[What is required]: Where a line of the data below has the string "with", copy that line.

[Saved entries]:

* * *

(* Let $0\neq h\in\mathbb{F}[x]$ and regard $A_h\subseteq A_1$ via $x\mapsto x$, $\hat y\mapsto yh$. Then the following are equivalent: (1) $h\in\mathbb{F}^*$; (2) $A_1$ is a Noetherian right $A_h$-module; (3) $A_1$ is a free right $A_h$-module. The same equivalence holds with ''right'' replaced by ''left'' in (2) and (3).
   Context: $\mathbb{F}$ is an arbitrary field. For $h\in\mathbb{F}[x]$, $A_h$ is the unital associative $\mathbb{F}$-algebra generated by $x,\hat y$ with defining relation $\hat yx-x\hat y=h$. $A_1$ is the Weyl algebra, generated by $x,y$ with $yx-xy=1$; for $h\neq 0$, $x\mapsto x,\ \hat y\mapsto yh$ embeds $A_h$ into $A_1$ as a subalgebra. *)

From HB Require Import structures.
From mathcomp Require Import all_boot all_order all_algebra.
Set Implicit Arguments. Unset Strict Implicit. Unset Printing Implicit Defensive.
Import GRing.Theory.
Local Open Scope ring_scope.

(* The Weyl algebra A_1 over a field F, in normal form:
   an element a : {poly {poly F}} represents  sum_j (a`_j)(x) * y^j,
   with polynomial-in-x coefficients written on the LEFT of powers of y.
   Addition is that of {poly {poly F}}. *)
Notation weyl F := {poly {poly F}}.

Definition wx (F : fieldType) : weyl F := ('X : {poly F})%:P.
Definition wy (F : fieldType) : weyl F := 'X.
Definition wpol (F : fieldType) (p : {poly F}) : weyl F := p%:P.

(* Product of A_1 determined by y x - x y = 1, i.e. in normal form
   (p y^j)(q y^k) = sum_{i<=j} C(j,i) p q^{(i)} y^(j-i+k). *)
Definition wmul (F : fieldType) (a b : weyl F) : weyl F :=
  \sum_(j < size a) \sum_(k < size b) \sum_(i < j.+1)
    ((a`_j * (b`_k)^`(i) *+ 'C(j, i)) *: 'X^(j - i + k)).

Inductive in_Ah (F : fieldType) (h : {poly F}) : weyl F -> Prop :=
  | Ah_scalar (c : F) : in_Ah h (wpol c%:P)
  | Ah_x : in_Ah h (wx F)
  | Ah_yh : in_Ah h (wmul (wy F) (wpol h))
  | Ah_add a b : in_Ah h a -> in_Ah h b -> in_Ah h (a + b)
  | Ah_mul a b : in_Ah h a -> in_Ah h b -> in_Ah h (wmul a b).

Definition right_submod (F : fieldType) (h : {poly F}) (N : weyl F -> Prop) :=
  [/\ N 0, (forall a b, N a -> N b -> N (a + b))
    & (forall a r, N a -> in_Ah h r -> N (wmul a r))].
Definition left_submod (F : fieldType) (h : {poly F}) (N : weyl F -> Prop) :=
  [/\ N 0, (forall a b, N a -> N b -> N (a + b))
    & (forall a r, N a -> in_Ah h r -> N (wmul r a))].

Definition acc_cond (F : fieldType) (sub : (weyl F -> Prop) -> Prop) :=
  forall N : nat -> weyl F -> Prop,
    (forall n, sub (N n)) ->
    (forall n a, N n a -> N n.+1 a) ->
    exists n, forall m, (n <= m)%N -> forall a, N m a -> N n a.

Definition noetherian_right (F : fieldType) (h : {poly F}) :=
  acc_cond (right_submod h).
Definition noetherian_left (F : fieldType) (h : {poly F}) :=
  acc_cond (left_submod h).

Definition free_mod (F : fieldType) (h : {poly F})
    (act : weyl F -> weyl F -> weyl F) :=
  exists (I : Type) (e : I -> weyl F),
    (forall a, exists n (idx : 'I_n -> I) (b : 'I_n -> weyl F),
        (forall i, in_Ah h (b i)) /\ a = \sum_(i < n) act (e (idx i)) (b i)) /\
    (forall n (idx : 'I_n -> I) (b : 'I_n -> weyl F),
        injective idx -> (forall i, in_Ah h (b i)) ->
        \sum_(i < n) act (e (idx i)) (b i) = 0 -> forall i, b i = 0).

Definition free_right (F : fieldType) (h : {poly F}) :=
  free_mod h (fun e b => wmul e b).
Definition free_left (F : fieldType) (h : {poly F}) :=
  free_mod h (fun e b => wmul b e).

Definition nonzero_const (F : fieldType) (h : {poly F}) :=
  exists c : F, c != 0 /\ h = c%:P.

* * *

[Response]:
(* Let $0\neq h\in\mathbb{F}[x]$ and regard $A_h\subseteq A_1$ via $x\mapsto x$, $\hat y\mapsto yh$. Then the following are equivalent: (1) $h\in\mathbb{F}^*$; (2) $A_1$ is a Noetherian right $A_h$-module; (3) $A_1$ is a free right $A_h$-module. The same equivalence holds with ''right'' replaced by ''left'' in (2) and (3).
   Context: $\mathbb{F}$ is an arbitrary field. For $h\in\mathbb{F}[x]$, $A_h$ is the unital associative $\mathbb{F}$-algebra generated by $x,\hat y$ with defining relation $\hat yx-x\hat y=h$. $A_1$ is the Weyl algebra, generated by $x,y$ with $yx-xy=1$; for $h\neq 0$, $x\mapsto x,\ \hat y\mapsto yh$ embeds $A_h$ into $A_1$ as a subalgebra. *)
   with polynomial-in-x coefficients written on the LEFT of powers of y.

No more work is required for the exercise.